INPUT DATA
(* Let $X$ be a normal Hausdorff topological space, $\Phi$ a local semiflow on $X$, $\mathscr A$ an attractor of $\Phi$, and $A$ an attractor of $\Phi$ in $\mathscr A$, with dual repeller $A^*=\mathscr A\setminus\Omega_{\mathscr A}(A)$. Let $\gamma:\mathbb R\to\mathscr A$ be a full solution with $\gamma(0)=x\in\mathscr A$. Then: (1) if $\omega(\gamma)\cap A^*\ne\emptyset$, then $\gamma(\mathbb R)\subset A^*$; (2) if $\alpha(\gamma)\cap\overline A^{\mathscr A}\ne\emptyset$, then $\gamma(\mathbb R)\subset A$, where $\overline A^{\mathscr A}$ is the closure of $A$ in $\mathscr A$; (3) if $x\in\mathscr A\setminus(A\cup A^* )$, then $\alpha(\gamma)\subset A^*$ and $\omega(\gamma)\subset A$.
   Context: A local semiflow $\Phi$ on $X$ is a continuous map from an open subset $\mathcal D_\Phi\subset\mathbb R^+\times X$ to $X$ such that: (i) for each $x$ there is $T_x\in(0,\infty]$ with $(t,x)\in\mathcal D_\Phi$ iff $t\in[0,T_x)$; (ii) $\Phi(0,x)=x$; (iii) if $(t+s,x)\in\mathcal D_\Phi$ with $t,s\ge0$ then $\Phi(t+s,x)=\Phi(t,\Phi(s,x))$. Write $\Phi(t)x=\Phi(t,x)$, $\Phi(J)M=\{\Phi(t)x:x\in M,\ t\in J\cap[0,T_x)\}$, $\Phi(t)M=\Phi(\{t\})M$. A full solution is $\gamma:\mathbb R\to X$ with $\gamma(t)=\Phi(t-s)\gamma(s)$ for all $s\le t$. $\omega(\gamma)=\{y:\exists t_n\to\infty,\ \gamma(t_n)\to y\}$, $\alpha(\gamma)=\{y:\exists t_n\to-\infty,\ \gamma(t_n)\to y\}$. Convention: $U$ is a neighborhood of $A$ (in a given space) if the closure of $A$ is contained in the interior of $U$. A set $K$ is invariant if $\Phi(t)K\subset K$ and $K\subset\Phi(t)K$ for all $t\ge0$. $K$ attracts $B$ if $T_x=\infty$ for all $x\in B$ and for every neighborhood $V$ of $K$ there is $t_0>0$ with $\Phi(t)B\subset V$ for all $t>t_0$. A set is s-compact if every sequence in it has a subsequence converging to a point of the set. An attractor is a nonempty s-compact invariant set $\mathscr A$ for which there is a neighborhood $N$ of $\mathscr A$ such that $\mathscr A$ attracts $N$ and every s-compact invariant subset of $N$ is contained in $\mathscr A$. The restriction $\Phi|_{\mathscr A}$ is a global semiflow on $\mathscr A$ (subspace topology); an attractor of $\Phi$ in $\mathscr A$ is an attractor of $\Phi|_{\mathscr A}$ with all topological notions taken in $\mathscr A$, and $\Omega_{\mathscr A}(A)=\{x\in\mathscr A: A \text{ attracts } \{x\} \text{ under } \Phi|_{\mathscr A}\}$ is its region of attraction in $\mathscr A$. *)

From HB Require Import structures.
From mathcomp Require Import all_boot all_order all_algebra.
From mathcomp Require Import all_classical all_reals all_analysis.
From mathcomp Require Import Rstruct Rstruct_topology.
From Stdlib Require Import Rdefinitions.
Set Implicit Arguments. Unset Strict Implicit. Unset Printing Implicit Defensive.
Import Order.TTheory GRing.Theory Num.Theory.
Local Open Scope classical_set_scope.
Local Open Scope ring_scope.

Section Semiflows.
Variable X : topologicalType.

Definition local_semiflow (D : set (R * X)) (Phi : R -> X -> X) : Prop :=
  (exists U : set (R * X), open U /\ D = U `&` [set p | 0 <= p.1]) /\
  {within D, continuous (fun p : R * X => Phi p.1 p.2)} /\
  (forall x : X, exists Tx : \bar R, (0 < Tx)%E /\
     forall t : R, D (t, x) <-> (0 <= t /\ (t%:E < Tx)%E)) /\
  (forall x : X, Phi 0 x = x) /\
  (forall (t s : R) (x : X), 0 <= t -> 0 <= s -> D (t + s, x) ->
     Phi (t + s) x = Phi t (Phi s x)).

Definition sf_image (D : set (R * X)) (Phi : R -> X -> X) (J : set R) (M : set X) : set X :=
  [set y | exists t x, J t /\ M x /\ D (t, x) /\ y = Phi t x].
Definition sf_at D Phi (t : R) (M : set X) := sf_image D Phi [set t] M.

Definition full_solution D Phi (g : R -> X) : Prop :=
  forall s t : R, s <= t -> D (t - s, g s) /\ g t = Phi (t - s) (g s).

Definition omega_limit (g : R -> X) : set X :=
  [set y | exists tn : nat -> R, tn @ \oo --> +oo /\ (g \o tn) @ \oo --> y].
Definition alpha_limit (g : R -> X) : set X :=
  [set y | exists tn : nat -> R, tn @ \oo --> -oo /\ (g \o tn) @ \oo --> y].

(** Topological notions relative to an ambient subspace S of X
    (S = setT gives the notions in X itself). *)
Definition rel_open (S U : set X) : Prop := exists V, open V /\ U = V `&` S.
Definition rel_closure (S A : set X) : set X :=
  [set y | S y /\ forall U, rel_open S U -> U y -> U `&` A !=set0].
Definition rel_interior (S U : set X) : set X :=
  [set y | exists W, rel_open S W /\ W y /\ W `<=` U].
Definition nbhd_in (S A U : set X) : Prop :=
  U `<=` S /\ rel_closure S A `<=` rel_interior S U.
Definition rel_cvg (S : set X) (u : nat -> X) (y : X) : Prop :=
  forall U, rel_open S U -> U y -> \forall n \near \oo, U (u n).

Definition s_compact_in (S K : set X) : Prop :=
  K `<=` S /\
  forall u : nat -> X, (forall n, K (u n)) ->
    exists (phi : nat -> nat) (y : X),
      (forall m n : nat, ltn m n -> ltn (phi m) (phi n)) /\ K y /\ rel_cvg S (u \o phi) y.

Definition invariant_in D Phi (S K : set X) : Prop :=
  K `<=` S /\ forall t : R, 0 <= t -> sf_at D Phi t K `<=` K /\ K `<=` sf_at D Phi t K.

Definition attracts_in D Phi (S K B : set X) : Prop :=
  (forall x, B x -> forall t : R, 0 <= t -> D (t, x)) /\
  forall V, nbhd_in S K V ->
    exists t0 : R, 0 < t0 /\ forall t : R, t0 < t -> sf_at D Phi t B `<=` V.

Definition attractor_in D Phi (S A : set X) : Prop :=
  A !=set0 /\ s_compact_in S A /\ invariant_in D Phi S A /\
  exists N, nbhd_in S A N /\ attracts_in D Phi S A N /\
    forall K, K `<=` N -> s_compact_in S K -> invariant_in D Phi S K -> K `<=` A.

Definition attractor D Phi (A : set X) := attractor_in D Phi setT A.

Definition region_of_attraction_in D Phi (SA A : set X) : set X :=
  [set x | SA x /\ attracts_in D Phi SA A [set x]].

Definition dual_repeller_in D Phi (SA A : set X) : set X :=
  SA `\` region_of_attraction_in D Phi SA A.

End Semiflows.

(* Let Ā be the closure of A in 𝒜 and N the neighbourhood of A attracted by A.
   By normality, a point of 𝒜 adherent to every neighbourhood of A in 𝒜 lies in Ā.
   Hence the ω-limit set of a solution meeting the region of attraction lies in Ā,
   and a solution with an α-limit point in the interior of N (which contains Ā) is
   driven into every neighbourhood of A at all times, so it stays in Ā.  The points
   of Ā on full solutions inside Ā form an s-compact (by diagonal extraction in the
   s-compact attractor 𝒜) invariant subset of N, hence lie in A by maximality.
   Finally every ω-limit point lies on a full solution whose backward points are
   ω-limit points, again by diagonal extraction from time shifts of the solution. *)

From mathcomp Require Import all_boot all_order all_algebra.
From mathcomp Require Import all_classical all_reals all_analysis.
From mathcomp Require Import Rstruct Rstruct_topology.
From mathcomp Require Import lra.
From Stdlib Require Import Rdefinitions.
Set Implicit Arguments. Unset Strict Implicit. Unset Printing Implicit Defensive.
Import Order.TTheory GRing.Theory Num.Theory.
Local Open Scope classical_set_scope.
Local Open Scope ring_scope.
(* Time arguments of type [R] are read in [ring_scope] rather than in Stdlib's
   [R_scope], so that ring lemmas and [lra] apply to them. *)
Local Bind Scope ring_scope with R.

Lemma homo_ltn_infl (phi : nat -> nat) :
  {homo phi : m n / (m < n)%nat} -> forall n, (n <= phi n)%nat.
Proof.
move=> phi_homo; elim=> [|n IHn] //.
exact: leq_ltn_trans IHn (phi_homo _ _ (ltnSn n)).
Qed.

Lemma homo_ltn_cvg_oo (phi : nat -> nat) :
  {homo phi : m n / (m < n)%nat} -> phi @ \oo --> \oo.
Proof.
move=> phi_homo P [N _ NP]; exists N => // n /= Nn.
exact/NP/(leq_trans Nn (homo_ltn_infl phi_homo n)).
Qed.

Section DiagonalExtraction.
(* [ext f k] is a further extraction of [f], chosen at stage [k]. *)
Variable ext : (nat -> nat) -> nat -> nat -> nat.
Hypothesis ext_homo : forall f k, {homo ext f k : m n / (m < n)%nat}.

Fixpoint nested_ext k : nat -> nat :=
  if k is k'.+1 then nested_ext k' \o ext (nested_ext k') k else ext id 0.

Lemma nested_ext_homo k : {homo nested_ext k : m n / (m < n)%nat}.
Proof.
elim: k => [|k IHk] /=; first exact: ext_homo.
by move=> m n mn; apply: IHk; apply: ext_homo.
Qed.

Lemma nested_ext_tail k j m :
  exists2 m', (m <= m')%nat & nested_ext (k + j)%nat m = nested_ext k m'.
Proof.
elim: j m => [|j IHj] m; first by exists m; rewrite ?addn0.
rewrite addnS /=; have [m' mm' ->] := IHj (ext (nested_ext (k + j)%nat) (k + j).+1 m).
by exists m' => //; apply: leq_trans mm'; apply: homo_ltn_infl.
Qed.

Lemma diagonal_ext_homo : {homo (fun n => nested_ext n n) : m n / (m < n)%nat}.
Proof.
apply: homo_ltn ltn_trans _ => i.
by apply: nested_ext_homo; apply: homo_ltn_infl.
Qed.

End DiagonalExtraction.

Section SequentialTopology.
Variable T : topologicalType.
Implicit Types (S A V : set T) (u : nat -> T).

Lemma cvg_subseq u (y : T) (phi : nat -> nat) :
  {homo phi : m n / (m < n)%nat} -> u @ \oo --> y -> (u \o phi) @ \oo --> y.
Proof. by move=> /homo_ltn_cvg_oo; apply: cvg_comp. Qed.

Lemma rel_cvg_cvg S u y : S y -> rel_cvg S u y -> u @ \oo --> y.
Proof.
move=> Sy uy P; rewrite nbhsE => -[B [oB By] BP].
have : \forall n \near \oo, (B `&` S) (u n) by apply: uy; [exists B | split].
by apply: filterS => n [/BP].
Qed.

Lemma cvg_rel_cvg S u y : (forall n, S (u n)) -> u @ \oo --> y -> rel_cvg S u y.
Proof.
move=> Su uy U [V [oV ->]] [Vy _].
have : \forall n \near \oo, V (u n) by apply: uy; exact: open_nbhs_nbhs.
by apply: filterS => n Vn; split.
Qed.

Lemma rel_closureE S A : A `<=` S -> rel_closure S A = closure A `&` S.
Proof.
move=> AS; apply/seteqP; split=> [y [Sy yA] | y [yA Sy]].
  split=> // P; rewrite nbhsE => -[B [oB By] BP].
  have [a [[Ba _] Aa]] := yA (B `&` S) (ex_intro _ B (conj oB erefl)) (conj By Sy).
  by exists a; split=> //; apply: BP.
split=> // U [V [oV ->]] [Vy _].
have [a [Aa Va]] := yA V (open_nbhs_nbhs (conj oV Vy)).
by exists a; split=> //; split=> //; apply: AS.
Qed.

Lemma nbhd_in_separate S A z : normal_space T -> hausdorff_space T ->
  A `<=` S -> ~ closure A z -> exists2 V, nbhd_in S A V & ~ closure V z.
Proof.
move=> normT hausT AS Az.
have Cz_nbhs : set_nbhs (closure A) (~` [set z]).
  apply/set_nbhsP; exists (~` [set z]); split=> // [|y Ay yz]; last by rewrite yz in Ay.
  exact/closed_openC/accessible_closed_set1/hausdorff_accessible.
have [C C_nbhs clC] := normT _ (@closed_closure _ A) _ Cz_nbhs.
have [Q [oQ AQ QC]] := (set_nbhsP _ _).1 C_nbhs.
exists (Q `&` S); last by move=> /(closureS (subIset (or_introl QC))) /clC; apply.
split=> [y [] //|y]; rewrite rel_closureE // => -[/AQ Qy Sy].
by exists (Q `&` S); split; [exists Q | split].
Qed.

Lemma rel_closure_nbhd_in S A z : normal_space T -> hausdorff_space T ->
  A `<=` S -> S z -> (forall V, nbhd_in S A V -> rel_closure S V z) ->
  rel_closure S A z.
Proof.
move=> normT hausT AS Sz zV; rewrite rel_closureE //; split=> //.
apply: contrapT => /(nbhd_in_separate normT hausT AS) [V nbV]; apply.
by have := zV V nbV; rewrite rel_closureE; [case | case: nbV].
Qed.

Lemma diagonal_cvg (K : set T) (u : nat -> nat -> T) :
  s_compact_in setT K -> (forall n k, K (u n k)) ->
  exists2 phi : nat -> nat, {homo phi : m n / (m < n)%nat} &
    exists2 w : nat -> T, (forall k, K (w k)) &
      forall k, (fun n => u (phi n) k) @ \oo --> w k.
Proof.
move=> [_ Kcomp] Ku.
have ext f k : exists2 psi : nat -> nat, {homo psi : m n / (m < n)%nat} &
    exists2 w, K w & (fun n => u (f (psi n)) k) @ \oo --> w.
  have [psi [w [psi_homo [Kw uw]]]] := Kcomp (fun n => u (f n) k) (fun n => Ku _ _).
  by exists psi => //; exists w => //; apply: rel_cvg_cvg uw.
pose ex f k := s2val (cid2 (ext f k)).
have ex_homo f k : {homo ex f k : m n / (m < n)%nat} := s2valP (cid2 (ext f k)).
pose d n := nested_ext ex n n.
exists d; first exact: diagonal_ext_homo.
have conv k : exists w, K w /\ (fun n => u (d n) k) @ \oo --> w.
  have [w Kw uw] : exists2 w, K w & (fun n => u (nested_ext ex k n) k) @ \oo --> w.
    case: k => [|k]; first exact: (s2valP' (cid2 (ext id 0))).
    exact: (s2valP' (cid2 (ext (nested_ext ex k) k.+1))).
  exists w; split=> // P /uw [M _ MP].
  exists (maxn k M) => // n /=; rewrite geq_max => /andP[kn Mn].
  rewrite /d; have := nested_ext_tail ex_homo k (n - k)%nat n.
  rewrite subnKC // => -[m' nm' ->].
  exact/MP/(leq_trans Mn nm').
have [w wP] := choice conv.
by exists w => k; have [] := wP k.
Qed.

ACTION ITEM
For this exercise, repeat exactly the lines of the data above from the one with "move=> phi_homo; elim=> [|n IHn] //." down to the one with "Implicit Types (S", both end lines included.

SOLUTION FOR THIS PROBLEM
move=> phi_homo; elim=> [|n IHn] //.
exact: leq_ltn_trans IHn (phi_homo _ _ (ltnSn n)).
Qed.

Lemma homo_ltn_cvg_oo (phi : nat -> nat) :
  {homo phi : m n / (m < n)%nat} -> phi @ \oo --> \oo.
Proof.
move=> phi_homo P [N _ NP]; exists N => // n /= Nn.
exact/NP/(leq_trans Nn (homo_ltn_infl phi_homo n)).
Qed.

Section DiagonalExtraction.
(* [ext f k] is a further extraction of [f], chosen at stage [k]. *)
Variable ext : (nat -> nat) -> nat -> nat -> nat.
Hypothesis ext_homo : forall f k, {homo ext f k : m n / (m < n)%nat}.

Fixpoint nested_ext k : nat -> nat :=
  if k is k'.+1 then nested_ext k' \o ext (nested_ext k') k else ext id 0.

Lemma nested_ext_homo k : {homo nested_ext k : m n / (m < n)%nat}.
Proof.
elim: k => [|k IHk] /=; first exact: ext_homo.
by move=> m n mn; apply: IHk; apply: ext_homo.
Qed.

Lemma nested_ext_tail k j m :
  exists2 m', (m <= m')%nat & nested_ext (k + j)%nat m = nested_ext k m'.
Proof.
elim: j m => [|j IHj] m; first by exists m; rewrite ?addn0.
rewrite addnS /=; have [m' mm' ->] := IHj (ext (nested_ext (k + j)%nat) (k + j).+1 m).
by exists m' => //; apply: leq_trans mm'; apply: homo_ltn_infl.
Qed.

Lemma diagonal_ext_homo : {homo (fun n => nested_ext n n) : m n / (m < n)%nat}.
Proof.
apply: homo_ltn ltn_trans _ => i.
by apply: nested_ext_homo; apply: homo_ltn_infl.
Qed.

End DiagonalExtraction.

Section SequentialTopology.
Variable T : topologicalType.
Implicit Types (S A V : set T) (u : nat -> T).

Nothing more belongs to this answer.